We do not have much cross-country Amtrak experience, so any wisdom on this subject would be helpful! Thank you!


----------



## Maglev (Mar 26, 2022)

Smashley_RR said:


> ...It is in its own carrying bag and under the linear inches and weight for checked bags....This would just be the tent in its own nylon, zippered bag, that has a couple click straps on top and long carrying handles...



There should be no problem with this. I hope you have a great trip!


----------



## tgstubbs1 (Mar 26, 2022)

I'm sure they would allow it. Does it have metal or fiberglass poles?


----------



## John Santos (Mar 26, 2022)

My small, but much larger than backpacking sized, 2-person tent with metal poles fits easily inside a large LL Bean roller duffel bag, along with most of my camping equipment, hiking boots, sleeping bag, pad, etc. No problem checking it on Amtrak.

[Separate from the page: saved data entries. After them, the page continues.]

(* Let $G$ be a graph, $\ell\ge 1$, and let $B\subseteq V(G)$ be an $(\ell-1)$-leaky forcing set of $G$. If $L$ is a set of $k\ge \ell$ specified leaks, then $|L-B^{[\infty]}_L|\le k-\ell$, where for $S\subseteq V(G)$, $L-S=\{x\to y\in L: x\notin S\}$.
   Context: All graphs are finite, simple and undirected. Zero forcing: a blue vertex $u$ with exactly one white neighbor $w$ may force $w$ (color it blue), written $u\to w$. A vertex leak is a vertex not allowed to perform any force; $B$ is an $\ell$-leaky forcing set if for every set of at most $\ell$ vertex leaks, exhaustively applying the forcing rule from initial blue set $B$ colors all of $V(G)$ blue (a $0$-leaky forcing set is a zero forcing set). A specified leak is an ordered pair $x\to y$ indicating that $x$ (the tail) is prohibited from forcing $y$ (the head). For a set $L$ of specified leaks, $B^{[\infty]}_L$ is the set of blue vertices obtained from $B$ after exhaustively applying the forcing rule while never performing a force in $L$ (independent of the order of forces). *)

From mathcomp Require Import all_boot.
Set Implicit Arguments. Unset Strict Implicit. Unset Printing Implicit Defensive.

Definition simple_graph (T : finType) (e : rel T) : Prop :=
  symmetric e /\ irreflexive e.

Definition force_step (T : finType) (e : rel T) (allowed : T -> T -> bool)
    (S : {set T}) : {set T} :=
  S :|: [set w | [exists u, [&& u \in S, e u w, w \notin S, allowed u w &
                   [forall v, (e u v && (v != w)) ==> (v \in S)]]]].

(* Exhaustive application of the (restricted) forcing rule; #|T| rounds
   suffice since each non-final round adds a vertex. *)
Definition closure (T : finType) (e : rel T) (allowed : T -> T -> bool)
    (B : {set T}) : {set T} :=
  iter #|T| (force_step e allowed) B.

(* B^{[oo]}_L for a set L of specified leaks (ordered pairs (x,y) = x -> y). *)
Definition spec_closure (T : finType) (e : rel T) (L : {set T * T})
    (B : {set T}) : {set T} :=
  closure e (fun u w => (u, w) \notin L) B.

Definition leaky_forcing_set (T : finType) (e : rel T) (l : nat)
    (B : {set T}) : Prop :=
  forall X : {set T}, #|X| <= l ->
    closure e (fun u _ => u \notin X) B = [set: T].

Definition leaks_minus (T : finType) (L : {set T * T}) (S : {set T})
    : {set T * T} :=
  [set p in L | p.1 \notin S].

From Pilot Require Import Defs.
From mathcomp Require Import all_boot.
From mathcomp Require Import zify.
Set Implicit Arguments. Unset Strict Implicit. Unset Printing Implicit Defensive.

(* Proof of Proposition 3.3.  Write S for the closure B^[oo]_L, split L into
   the leaks L - S (tail outside S) and the leaks M with tail in S, and let
   X be the set of tails of M, so #|X| <= #|M|.
   - If #|X| >= l, then #|L - S| = k - #|M| <= k - #|X| <= k - l.
   - If #|X| <= l - 1, treat X as a set of vertex leaks.  Every force u -> w
     from a vertex u of S not in X is not a specified leak, so S is closed
     under forcing with vertex leaks X; by minimality of closures this
     forcing process stays inside S.  Since B is (l-1)-leaky, it colours
     everything, so S = V(G) and L - S is empty. *)

Section ForcingClosure.

Variables (T : finType) (e : rel T).

Lemma force_step_ext (a : T -> T -> bool) (S : {set T}) :
  S \subset force_step e a S.
Proof. exact: subsetUl. Qed.

Lemma closure_ext (a : T -> T -> bool) (B : {set T}) :
  B \subset Defs.closure e a B.
Proof.
rewrite /Defs.closure; elim: #|T| => [|n IH] //=.
exact: subset_trans IH (force_step_ext _ _).
Qed.

Lemma iter_force_step_grows (a : T -> T -> bool) (B : {set T}) (i : nat) :
  let f := force_step e a in
  f (iter i f B) = iter i f B \/ i < #|iter i.+1 f B|.
Proof.
move=> f; elim: i => [|i IH].
  have [-> | ne] := eqVneq (f B) B; [by left | right].
  have /proper_card grow : B \proper f B
    by rewrite properEneq eq_sym ne force_step_ext.
  by rewrite /=; lia.
case: IH => [fix_i | lt_i]; first by left; rewrite /= fix_i fix_i.
have [-> | ne] := eqVneq (f (iter i.+1 f B)) (iter i.+1 f B); [by left | right].
have /proper_card grow : iter i.+1 f B \proper f (iter i.+1 f B)
  by rewrite properEneq eq_sym ne force_step_ext.
by change (i.+1 < #|f (iter i.+1 f B)|); lia.
Qed.

Lemma closure_fixpoint (a : T -> T -> bool) (B : {set T}) :
  force_step e a (Defs.closure e a B) = Defs.closure e a B.
Proof.
case: (iter_force_step_grows a B #|T|) => // too_big.
have := subset_leq_card (subsetT (iter #|T|.+1 (force_step e a) B)).
by rewrite cardsT; lia.
Qed.

Lemma force_step_mono (a a' : T -> T -> bool) (S S' : {set T}) :
  S \subset S' -> (forall u w, u \in S -> a u w -> a' u w) ->
  force_step e a S \subset force_step e a' S'.
Proof.
move=> /subsetP sub_SS' aa'; apply/subsetP => w.
rewrite !inE => /orP [/sub_SS' -> // | /existsP [u /and5P [uS euw _ auw unique]]].
have [// | wS'] := boolP (w \in S'); rewrite orFb.
apply/existsP; exists u; rewrite sub_SS' ?euw ?wS' ?aa' //=.
apply/forallP => v; apply/implyP => /(implyP (forallP unique v)).
exact: sub_SS'.
Qed.

Lemma closure_min (a a' : T -> T -> bool) (B F : {set T}) :
  B \subset F -> force_step e a' F = F ->
  (forall u w, u \in F -> a u w -> a' u w) ->
  Defs.closure e a B \subset F.
Proof.
move=> BF closedF aa'; rewrite /Defs.closure; elim: #|T| => [|n IH] //=.
rewrite -closedF; apply: force_step_mono => // u w /(subsetP IH).
exact: aa'.
Qed.

End ForcingClosure.

Definition leaks_within (T : finType) (L : {set T * T}) (S : {set T})
    : {set T * T} :=
  [set p in L | p.1 \in S].

Lemma card_leaks_split (T : finType) (L : {set T * T}) (S : {set T}) :
  #|leaks_minus L S| + #|leaks_within L S| = #|L|.
Proof.
rewrite -(cardsID [set p : T * T | p.1 \in S] L) addnC.
by congr (_ + _); apply: eq_card => p; rewrite !inE andbC.
Qed.

Lemma tail_leaks_restrict (T : finType) (L : {set T * T}) (S : {set T}) u w :
  u \in S -> u \notin [set p.1 | p in leaks_within L S] -> (u, w) \notin L.
Proof.
move=> uS uX; apply: contra uX => uwL.
by apply/imsetP; exists (u, w); rewrite // inE uwL uS.
Qed.

Theorem proposition3p3 (T : finType) (e : rel T) (l k : nat)
    (B : {set T}) (L : {set T * T}) :
  simple_graph e ->
  1 <= l ->
  leaky_forcing_set e l.-1 B ->
  (forall p, p \in L -> e p.1 p.2) ->
  #|L| = k ->
  l <= k ->
  #|leaks_minus L (spec_closure e L B)| <= k - l.
Proof.
move=> _ l_ge1 leakyB _ card_L l_le_k.
set S := spec_closure e L B.
set X := [set p.1 | p in leaks_within L S].
have split_L := card_leaks_split L S; rewrite card_L in split_L.
have X_le_M : #|X| <= #|leaks_within L S| := leq_imset_card _ _.
have [X_small | X_big] := leqP #|X| l.-1; last by lia.
have X_inside_S : Defs.closure e (fun u _ => u \notin X) B \subset S.
  apply: closure_min; first exact: closure_ext.
    exact: closure_fixpoint.
  by move=> u w uS; apply: tail_leaks_restrict.
have S_full : S = [set: T].
  by apply/eqP; rewrite eqEsubset subsetT -(leakyB X X_small).
have -> : leaks_minus L S = set0.
  by apply/setP => p; rewrite !inE S_full inE andbF.
by rewrite cards0.
Qed.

Don't carry camp stove or lantern fuel, e.g. butane, propane, etc. in your luggage It is hazardous and not allowed. I buy my fuel at a camping or outdoor store near my destination and leave any leftovers at the registration place with a note "free to a good home." Stoves and lanterns without the fuel tank are fine. I would avoid gasoline (Coleman fuel, aka naptha or white gas) or kerosene stoves or lanterns as they are hard to thoroughly dry out and trying to empty them, you risk spilling the fuel.


----------



## MARC Rider (Mar 26, 2022)

John Santos said:


> My small, but much larger than backpacking sized, 2-person tent with metal poles fits easily inside a large LL Bean roller duffel bag, along with most of my camping equipment, hiking boots, sleeping bag, pad, etc. No problem checking it on Amtrak.
> 
> Don't carry camp stove or lantern fuel, e.g. butane, propane, etc. in your luggage It is hazardous and not allowed. I buy my fuel at a camping or outdoor store near my destination and leave any leftovers at the registration place with a note "free to a good home." Stoves and lanterns without the fuel tank are fine. I would avoid gasoline (Coleman fuel, aka naptha or white gas) or kerosene stoves or lanterns as they are hard to thoroughly dry out and trying to empty them, you risk spilling the fuel.


I once took a white gas stove on a camping trip that involved Amtrak. At the end of the trip, I had to spend a good amount of time sitting around (in an outdoor location, of course, that was NOT the station platform) running the stove until all the fuel was used up so that I could take it on board with me for my return ride home.


----------



## tgstubbs1 (Mar 27, 2022)

Those little folding Sterno stoves are handy and don't have any flammable parts.


----------



## CCC1007 (Mar 28, 2022)

Which station are you getting off at? That determines whether or not there is Checked Baggage service.


----------